When I see the letter “e” with an umlaut I think “Metal Band” but here the use is an ironic typographical twist for a band that focuses on good time covers and few original pieces. The band name, the album and the label are all the same so assume a low budget operation, complete with a fakey K-mart price tag on the label. The opening track “Geezër Nation” starts out like a Surf Punks song: full of energy and attitude, light on musical inventiveness, and a promise to “set you free.” Free of what is never elucidated; I assume whatever is dragging you down. Add a cheerleader chorus and a fuzzed out guitar, and it’s not a bad surf metal tune complete with guitar solo. Track two “Let Go to the Beach” offers up an Orange County punk intro; then lead vocalist “Harvey” tackles the straight forward lyrics of a synthetic beach tune complete with the line “Golden bodies blistering in the sun.” Another interesting original is “Silly Putty;” here the scraggly lead vocals sound like a professional wrestler singing a love song; its simultaneously attractive and off-putting- Think of The Crusher covering Carole King.

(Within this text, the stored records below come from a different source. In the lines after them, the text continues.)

(* Fix $\lambda>1$. There exists $\beta_0>0$ such that for every $\beta\in[0,\beta_0)$ there exists a value $\alpha_0=\alpha_0(\beta)>0$ such that the sequence $\{\alpha_j\}_{j\ge 0}$ generated from $\alpha_{-1}=0$ and this $\alpha_0$ by the recursion below, together with $a_j^*:=\lambda^{-j}\alpha_j$, satisfies $$a_j^*\approx \mathrm{const}(\beta)\cdot\lambda^{-j/3}\quad\text{as } j\to\infty,$$ i.e. there is a constant $C(\beta)>0$ with $a_j^*/(C(\beta)\lambda^{-j/3})\to 1$ as $j\to\infty$.
   Context: The recursion is as follows. For $\beta>0$ and $n\ge 0$: $$\alpha_{n+1}=-\frac{\lambda}{2\beta}\alpha_n+\sqrt{\Big(\frac{\lambda}{2\beta}\alpha_n\Big)^2+\frac{\lambda}{\beta}\big(\lambda^2\alpha_{n-1}^2+\beta\lambda\alpha_{n-1}\alpha_n+\alpha_n\big)}.$$ For $\beta=0$ and $n\ge0$: $\alpha_{n+1}=1+\lambda^2\frac{\alpha_{n-1}^2}{\alpha_n}$. (These recursions arise from seeking self-similar solutions $a_j(t)=a_j^*/(t-t_0)$ of the dyadic system $\frac{da_j}{dt}=\lambda^j a_{j-1}^2-\lambda^{j+1}a_ja_{j+1}+\beta(\lambda^j a_{j-1}a_j-\lambda^{j+1}a_{j+1}^2)$, $j\ge0$, with boundary condition $a_{-1}\equiv 0$; the relation $a_j^*\approx \mathrm{const}\cdot\lambda^{-j/3}$ means the ratio tends to $1$.) *)

From Stdlib Require Import Reals.
From Coquelicot Require Import Coquelicot.
Open Scope R_scope.

(* One step of the recursion: given alpha_{n-1} (= am1) and alpha_n (= a),
   return alpha_{n+1}. *)
Definition alpha_step (lam beta am1 a : R) : R :=
  if Rlt_dec 0 beta then
    - (lam / (2 * beta)) * a
    + sqrt ((lam / (2 * beta) * a) ^ 2
            + (lam / beta) * (lam ^ 2 * am1 ^ 2 + beta * lam * am1 * a + a))
  else 1 + lam ^ 2 * (am1 ^ 2 / a).
(* Let $N, M_1, M_2, P, R_1, R_2, \widetilde{M}_2, \widetilde{P}$ be positive integers with $\widetilde{M}_2 \le M_2$, $\widetilde{P}\le P$. Let $\mathbf{y}\in\mathbb{C}^N$, $\mathbf{H}\in\mathbb{C}^{N\times M_1}$ and $\mathcal{M}\in\mathbb{R}^{N\times M_2\times P}$ be as in the context. Let $\mathbf{U}_2\in\mathbb{R}^{M_2\times\widetilde{M}_2}$ and $\mathbf{U}_3\in\mathbb{R}^{P\times\widetilde{P}}$ have orthonormal columns, and set $\widetilde{\mathcal{M}}=\mathcal{M}\times_2\mathbf{U}_2^\top\times_3\mathbf{U}_3^\top$ and $\widehat{\mathcal{M}}=\mathcal{M}\times_2\mathbf{U}_2\mathbf{U}_2^\top\times_3\mathbf{U}_3\mathbf{U}_3^\top$. Suppose $(\mathbf{A}^\star,\mathcal{B}^\star,\mathbf{C}^\star)$, with $\mathbf{A}^\star\in\mathbb{C}^{M_1\times R_1}$, $\mathcal{B}^\star\in\mathbb{C}^{R_1\times M_2\times R_2}$, $\mathbf{C}^\star\in\mathbb{C}^{R_2\times P}$, attains $$m_{\mathrm{TT}}:=\min_{\mathbf{A},\mathcal{B},\mathbf{C}}\Big\|\mathbf{y}-\sum_{r_1=1}^{R_1}\sum_{r_2=1}^{R_2} \mathbf{H}\mathbf{A}_{:r_1}\odot\big(\mathcal{M}\times_2\mathcal{B}_{r_1:r_2}\times_3\mathbf{C}_{r_2:}\big)\Big\|_F$$ over $\mathbf{A}\in\mathbb{C}^{M_1\times R_1},\mathcal{B}\in\mathbb{C}^{R_1\times M_2\times R_2},\mathbf{C}\in\mathbb{C}^{R_2\times P}$. Then $$\inf_{\substack{\mathbf{A}\in\mathbb{C}^{M_1\times R_1}\\ \widetilde{\mathcal{B}}\in\mathbb{C}^{R_1\times\widetilde{M}_2\times R_2}\\ \widetilde{\mathbf{C}}\in\mathbb{C}^{R_2\times\widetilde{P}}}}\Big\|\mathbf{y}-\sum_{r_1=1}^{R_1}\sum_{r_2=1}^{R_2} \mathbf{H}\mathbf{A}_{:r_1}\odot\big(\widetilde{\mathcal{M}}\times_2\widetilde{\mathcal{B}}_{r_1:r_2}\times_3\widetilde{\mathbf{C}}_{r_2:}\big)\Big\|_F \le m_{\mathrm{TT}}+\|\mathcal{M}-\widehat{\mathcal{M}}\|_F\sum_{r_1=1}^{R_1}\sum_{r_2=1}^{R_2}\|\mathbf{H}\mathbf{A}^\star_{:r_1}\|_\infty\|\mathcal{B}^\star_{r_1:r_2}\|_F\|\mathbf{C}^\star_{r_2:}\|_F.$$
   Context: Let $x(t)$, $t\in\mathbb{Z}$, be a complex-valued input signal and $y(t)$ a complex-valued output signal, $t_0\in\mathbb{Z}$. Define $\mathbf{y}=(y(t_0),\dots,y(t_0+N-1))^\top\in\mathbb{C}^N$; $\mathbf{H}\in\mathbb{C}^{N\times M_1}$ with entries $h_{ni}=x(t_0+n-i)$ ($n=0,\dots,N-1$, $i=0,\dots,M_1-1$); and $\mathcal{M}\in\mathbb{R}^{N\times M_2\times P}$ with entries $\mathcal{M}_{njp}=|x(t_0+n-j)|^p$ ($j=0,\dots,M_2-1$, $p=0,\dots,P-1$, with $0^0=1$). Mode-$k$ product of a tensor $\mathcal{X}\in\mathbb{C}^{I_1\times I_2\times I_3}$ with a matrix $\mathbf{Q}\in\mathbb{C}^{n\times I_k}$: replace mode $k$ by $n$ with $(\mathcal{X}\times_k\mathbf{Q})_{\dots j\dots}=\sum_{i_k}\mathcal{X}_{\dots i_k\dots}q_{j i_k}$ (no conjugation). Mode-$k$ product with a vector $\mathbf{v}\in\mathbb{C}^{I_k}$ contracts mode $k$: $(\mathcal{X}\times_k\mathbf{v})=\sum_{i_k}\mathcal{X}_{\dots i_k\dots}v_{i_k}$, removing that mode; in particular $(\mathcal{M}\times_2\mathbf{b}\times_3\mathbf{c})_n=\sum_{j,p}\mathcal{M}_{njp}b_jc_p$. $\mathbf{A}_{:r}$ is the $r$-th column and $\mathbf{C}_{r:}$ the $r$-th row (as a vector) of a matrix; $\mathcal{B}_{r_1:r_2}\in\mathbb{C}^{M_2}$ is the mode-2 fiber of $\mathcal{B}$ with first index $r_1$ and third index $r_2$. $\odot$ is the entrywise (Hadamard) product; $\|\cdot\|_F$ is the Frobenius (Euclidean for vectors) norm; $\|\cdot\|_\infty$ is the maximum modulus of the entries of a vector. *)

From HB Require Import structures.
From mathcomp Require Import all_boot all_order all_algebra.
From mathcomp Require Import complex.
From mathcomp Require Import classical_sets reals.
Set Implicit Arguments. Unset Strict Implicit. Unset Printing Implicit Defensive.
Import Order.TTheory GRing.Theory Num.Theory.
Local Open Scope ring_scope.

Off in cover land I’ll give honorable mention to “Down by the Lazy River;” it’s an Osmonds tune stripped of all its slurpiness that recreates itself as an invitation to a teen make-out session. The well-known “California Sun” may be the Geezër’s strongest cover; it’s a popular tune with over a dozen other well know versions from Tommy James to Bobby Fuller. Will this album change rock and roll? I doubt it, but it’s not a bad disk to track while heading to the beach or a show. It’s full of teen age angst re-imagined by a vocalist that sounds like he’s tuned his voice to the geezer side with a diet of smokes and Mad Dog 20-20. Rock on, all you Geezër!